┌─ DATASET RECORDS

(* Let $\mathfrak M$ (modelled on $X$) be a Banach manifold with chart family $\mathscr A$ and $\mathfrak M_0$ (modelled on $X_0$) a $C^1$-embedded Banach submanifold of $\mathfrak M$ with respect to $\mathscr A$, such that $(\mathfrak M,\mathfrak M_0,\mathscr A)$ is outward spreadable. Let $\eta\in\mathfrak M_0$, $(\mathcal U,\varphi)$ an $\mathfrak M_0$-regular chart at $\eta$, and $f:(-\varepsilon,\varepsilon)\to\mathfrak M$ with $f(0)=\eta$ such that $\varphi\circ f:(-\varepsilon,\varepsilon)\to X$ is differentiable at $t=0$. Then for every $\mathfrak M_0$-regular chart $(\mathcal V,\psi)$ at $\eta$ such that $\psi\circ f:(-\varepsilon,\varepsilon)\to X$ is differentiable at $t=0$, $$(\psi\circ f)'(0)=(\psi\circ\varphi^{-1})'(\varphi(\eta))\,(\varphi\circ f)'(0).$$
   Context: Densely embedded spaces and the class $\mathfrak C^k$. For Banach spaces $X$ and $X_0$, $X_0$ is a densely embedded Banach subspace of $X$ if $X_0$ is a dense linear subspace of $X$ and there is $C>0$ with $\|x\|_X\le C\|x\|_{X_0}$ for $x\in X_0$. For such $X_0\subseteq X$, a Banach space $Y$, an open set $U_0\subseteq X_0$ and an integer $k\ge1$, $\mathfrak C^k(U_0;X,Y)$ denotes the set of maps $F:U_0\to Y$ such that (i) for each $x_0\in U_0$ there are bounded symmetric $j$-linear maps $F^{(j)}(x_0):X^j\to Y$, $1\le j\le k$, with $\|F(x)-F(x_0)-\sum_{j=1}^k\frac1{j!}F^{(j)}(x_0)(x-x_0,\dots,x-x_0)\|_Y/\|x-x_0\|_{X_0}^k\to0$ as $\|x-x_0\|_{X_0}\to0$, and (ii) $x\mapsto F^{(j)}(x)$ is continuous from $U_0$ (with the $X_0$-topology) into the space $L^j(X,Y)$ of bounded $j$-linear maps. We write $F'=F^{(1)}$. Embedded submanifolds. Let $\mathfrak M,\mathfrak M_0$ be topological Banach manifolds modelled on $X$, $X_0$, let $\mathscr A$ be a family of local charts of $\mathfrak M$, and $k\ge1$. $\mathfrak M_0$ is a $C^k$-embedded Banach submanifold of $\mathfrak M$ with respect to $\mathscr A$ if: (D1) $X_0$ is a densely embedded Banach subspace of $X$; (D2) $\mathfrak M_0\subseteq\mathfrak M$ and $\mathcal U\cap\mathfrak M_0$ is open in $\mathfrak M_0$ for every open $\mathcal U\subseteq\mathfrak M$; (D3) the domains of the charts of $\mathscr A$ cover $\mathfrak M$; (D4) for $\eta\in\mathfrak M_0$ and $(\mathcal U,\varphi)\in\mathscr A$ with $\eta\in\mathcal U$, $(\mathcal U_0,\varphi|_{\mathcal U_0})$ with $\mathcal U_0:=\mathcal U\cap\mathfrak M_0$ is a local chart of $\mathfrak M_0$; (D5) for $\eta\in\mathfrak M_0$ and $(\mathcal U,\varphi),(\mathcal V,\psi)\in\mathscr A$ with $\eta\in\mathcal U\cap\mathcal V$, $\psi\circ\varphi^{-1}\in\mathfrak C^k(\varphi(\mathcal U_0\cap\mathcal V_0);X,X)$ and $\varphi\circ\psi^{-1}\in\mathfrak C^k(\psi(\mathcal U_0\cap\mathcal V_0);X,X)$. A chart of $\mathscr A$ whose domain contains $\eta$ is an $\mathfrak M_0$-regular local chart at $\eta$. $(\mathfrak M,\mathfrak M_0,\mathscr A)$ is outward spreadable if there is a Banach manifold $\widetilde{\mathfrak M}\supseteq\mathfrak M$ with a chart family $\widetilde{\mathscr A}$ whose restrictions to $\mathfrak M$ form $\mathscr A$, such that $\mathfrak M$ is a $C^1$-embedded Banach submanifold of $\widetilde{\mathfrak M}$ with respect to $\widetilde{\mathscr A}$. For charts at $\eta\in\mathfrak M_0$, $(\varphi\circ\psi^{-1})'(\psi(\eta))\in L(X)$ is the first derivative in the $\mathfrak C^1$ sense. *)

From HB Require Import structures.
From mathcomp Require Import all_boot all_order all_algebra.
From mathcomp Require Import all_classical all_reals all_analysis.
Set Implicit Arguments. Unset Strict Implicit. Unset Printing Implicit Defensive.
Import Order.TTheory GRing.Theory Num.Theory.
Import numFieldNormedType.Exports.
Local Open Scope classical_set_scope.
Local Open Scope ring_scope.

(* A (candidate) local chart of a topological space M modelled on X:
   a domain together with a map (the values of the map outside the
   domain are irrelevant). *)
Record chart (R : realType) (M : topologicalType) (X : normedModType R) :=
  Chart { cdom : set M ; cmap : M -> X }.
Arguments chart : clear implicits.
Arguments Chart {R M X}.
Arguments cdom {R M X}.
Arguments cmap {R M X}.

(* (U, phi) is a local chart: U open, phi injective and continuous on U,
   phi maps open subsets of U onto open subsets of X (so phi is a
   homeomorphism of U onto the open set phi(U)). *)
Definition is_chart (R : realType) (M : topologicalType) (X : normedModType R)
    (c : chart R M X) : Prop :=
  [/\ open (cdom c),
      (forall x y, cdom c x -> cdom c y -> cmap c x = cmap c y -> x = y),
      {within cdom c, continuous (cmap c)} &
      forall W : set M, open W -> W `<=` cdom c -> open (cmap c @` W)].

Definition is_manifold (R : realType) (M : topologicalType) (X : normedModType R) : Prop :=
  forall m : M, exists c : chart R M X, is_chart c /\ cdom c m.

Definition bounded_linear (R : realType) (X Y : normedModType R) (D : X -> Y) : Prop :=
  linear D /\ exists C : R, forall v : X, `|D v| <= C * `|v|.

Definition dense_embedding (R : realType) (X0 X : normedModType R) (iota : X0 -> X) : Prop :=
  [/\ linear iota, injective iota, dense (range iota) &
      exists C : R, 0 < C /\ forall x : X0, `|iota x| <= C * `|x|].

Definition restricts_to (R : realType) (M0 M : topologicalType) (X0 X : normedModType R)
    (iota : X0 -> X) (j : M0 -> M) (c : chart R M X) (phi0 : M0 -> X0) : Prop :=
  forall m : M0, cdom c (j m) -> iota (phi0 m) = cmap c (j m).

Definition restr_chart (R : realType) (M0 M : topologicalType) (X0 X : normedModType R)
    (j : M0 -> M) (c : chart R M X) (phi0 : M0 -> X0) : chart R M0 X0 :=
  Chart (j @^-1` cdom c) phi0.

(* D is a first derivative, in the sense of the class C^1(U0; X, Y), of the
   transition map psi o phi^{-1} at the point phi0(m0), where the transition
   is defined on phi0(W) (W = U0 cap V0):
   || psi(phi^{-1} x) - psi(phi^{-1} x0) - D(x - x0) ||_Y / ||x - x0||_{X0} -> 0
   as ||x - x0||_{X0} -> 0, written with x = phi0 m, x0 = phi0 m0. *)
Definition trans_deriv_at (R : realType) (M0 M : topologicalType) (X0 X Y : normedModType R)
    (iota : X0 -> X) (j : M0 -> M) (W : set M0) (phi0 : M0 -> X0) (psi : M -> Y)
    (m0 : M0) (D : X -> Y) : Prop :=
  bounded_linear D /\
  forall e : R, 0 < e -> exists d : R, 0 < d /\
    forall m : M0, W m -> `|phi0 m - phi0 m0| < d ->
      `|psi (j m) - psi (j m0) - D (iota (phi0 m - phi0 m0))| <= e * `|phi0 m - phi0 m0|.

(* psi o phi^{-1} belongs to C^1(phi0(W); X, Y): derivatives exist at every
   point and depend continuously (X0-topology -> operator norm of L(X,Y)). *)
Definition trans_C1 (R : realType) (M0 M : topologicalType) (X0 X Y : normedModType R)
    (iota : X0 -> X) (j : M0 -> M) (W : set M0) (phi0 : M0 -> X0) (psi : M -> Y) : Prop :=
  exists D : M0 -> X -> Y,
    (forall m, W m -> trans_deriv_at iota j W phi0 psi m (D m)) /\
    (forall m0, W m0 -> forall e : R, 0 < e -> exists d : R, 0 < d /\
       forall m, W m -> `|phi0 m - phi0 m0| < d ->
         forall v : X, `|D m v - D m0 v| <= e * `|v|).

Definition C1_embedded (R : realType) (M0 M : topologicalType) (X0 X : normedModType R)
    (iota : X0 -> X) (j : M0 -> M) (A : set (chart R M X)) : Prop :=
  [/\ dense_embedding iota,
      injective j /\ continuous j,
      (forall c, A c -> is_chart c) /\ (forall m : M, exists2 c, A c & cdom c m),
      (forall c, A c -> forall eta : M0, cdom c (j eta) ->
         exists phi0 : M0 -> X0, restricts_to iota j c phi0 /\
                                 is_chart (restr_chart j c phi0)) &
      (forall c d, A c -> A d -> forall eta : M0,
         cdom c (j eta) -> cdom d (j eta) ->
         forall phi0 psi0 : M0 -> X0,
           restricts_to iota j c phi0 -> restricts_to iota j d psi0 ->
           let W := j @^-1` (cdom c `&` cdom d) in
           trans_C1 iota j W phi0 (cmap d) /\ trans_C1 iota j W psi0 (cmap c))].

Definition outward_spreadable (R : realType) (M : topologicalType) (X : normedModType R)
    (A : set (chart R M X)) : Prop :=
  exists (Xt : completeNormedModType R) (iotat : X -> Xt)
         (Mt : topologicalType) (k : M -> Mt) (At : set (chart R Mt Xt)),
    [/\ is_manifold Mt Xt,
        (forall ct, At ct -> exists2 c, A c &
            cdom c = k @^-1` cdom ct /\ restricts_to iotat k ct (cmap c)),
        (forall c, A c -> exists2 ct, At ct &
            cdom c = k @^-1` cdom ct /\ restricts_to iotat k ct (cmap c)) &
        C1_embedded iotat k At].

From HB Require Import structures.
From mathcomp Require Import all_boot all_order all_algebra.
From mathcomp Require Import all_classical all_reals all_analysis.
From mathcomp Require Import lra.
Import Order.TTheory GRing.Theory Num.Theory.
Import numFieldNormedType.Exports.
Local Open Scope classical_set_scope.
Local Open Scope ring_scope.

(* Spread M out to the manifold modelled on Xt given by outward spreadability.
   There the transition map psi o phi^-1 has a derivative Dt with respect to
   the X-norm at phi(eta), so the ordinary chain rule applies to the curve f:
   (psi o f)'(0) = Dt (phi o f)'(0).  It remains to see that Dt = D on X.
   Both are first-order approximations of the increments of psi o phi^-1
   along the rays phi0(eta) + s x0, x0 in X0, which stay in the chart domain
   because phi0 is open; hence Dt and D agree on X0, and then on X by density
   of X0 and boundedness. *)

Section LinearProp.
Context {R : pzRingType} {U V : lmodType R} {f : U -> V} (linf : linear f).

└─
┌─ DATASET RECORDS

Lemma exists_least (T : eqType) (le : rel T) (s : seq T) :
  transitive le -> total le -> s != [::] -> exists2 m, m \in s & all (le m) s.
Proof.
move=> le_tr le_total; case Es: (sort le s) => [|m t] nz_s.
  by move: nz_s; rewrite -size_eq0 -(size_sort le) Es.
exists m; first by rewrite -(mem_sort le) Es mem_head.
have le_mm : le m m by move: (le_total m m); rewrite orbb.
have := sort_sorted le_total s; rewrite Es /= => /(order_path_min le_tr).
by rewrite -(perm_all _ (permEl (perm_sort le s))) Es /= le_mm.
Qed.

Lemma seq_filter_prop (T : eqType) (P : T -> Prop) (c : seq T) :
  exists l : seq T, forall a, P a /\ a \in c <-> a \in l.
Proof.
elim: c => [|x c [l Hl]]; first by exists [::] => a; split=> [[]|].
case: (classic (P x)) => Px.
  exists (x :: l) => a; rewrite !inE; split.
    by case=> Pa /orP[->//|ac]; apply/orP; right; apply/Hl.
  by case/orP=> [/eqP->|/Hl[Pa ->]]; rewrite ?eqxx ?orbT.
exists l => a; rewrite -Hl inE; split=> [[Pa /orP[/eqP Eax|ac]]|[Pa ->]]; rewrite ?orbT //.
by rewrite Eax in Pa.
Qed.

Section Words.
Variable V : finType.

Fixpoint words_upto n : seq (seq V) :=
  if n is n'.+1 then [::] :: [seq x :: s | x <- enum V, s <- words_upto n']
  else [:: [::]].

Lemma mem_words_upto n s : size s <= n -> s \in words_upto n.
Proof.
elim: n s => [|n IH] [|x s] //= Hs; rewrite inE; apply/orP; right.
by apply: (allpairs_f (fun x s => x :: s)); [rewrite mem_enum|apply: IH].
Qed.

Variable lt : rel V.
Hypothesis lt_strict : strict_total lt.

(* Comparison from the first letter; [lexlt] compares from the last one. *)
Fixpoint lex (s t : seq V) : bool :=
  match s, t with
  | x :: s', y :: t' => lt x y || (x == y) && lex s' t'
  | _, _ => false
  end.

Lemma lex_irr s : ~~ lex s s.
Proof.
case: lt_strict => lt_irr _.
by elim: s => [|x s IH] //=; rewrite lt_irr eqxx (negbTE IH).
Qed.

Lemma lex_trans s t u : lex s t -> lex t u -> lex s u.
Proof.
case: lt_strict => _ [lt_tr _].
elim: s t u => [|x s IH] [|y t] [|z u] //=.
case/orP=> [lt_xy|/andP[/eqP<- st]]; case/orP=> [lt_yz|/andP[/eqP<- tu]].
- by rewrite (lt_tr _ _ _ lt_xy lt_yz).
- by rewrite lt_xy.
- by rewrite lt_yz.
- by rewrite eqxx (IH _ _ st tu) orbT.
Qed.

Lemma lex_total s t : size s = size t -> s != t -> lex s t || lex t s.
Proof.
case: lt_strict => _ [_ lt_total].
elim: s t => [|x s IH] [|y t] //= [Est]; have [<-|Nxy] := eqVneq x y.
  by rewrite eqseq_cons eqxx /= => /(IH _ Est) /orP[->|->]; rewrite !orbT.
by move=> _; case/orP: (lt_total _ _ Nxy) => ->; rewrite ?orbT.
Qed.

└─

**EXERCISE BRIEF:** Extract from the data every line where "Variable" shows up.

**ANSWER:**
Variable V : finType.
Variable lt : rel V.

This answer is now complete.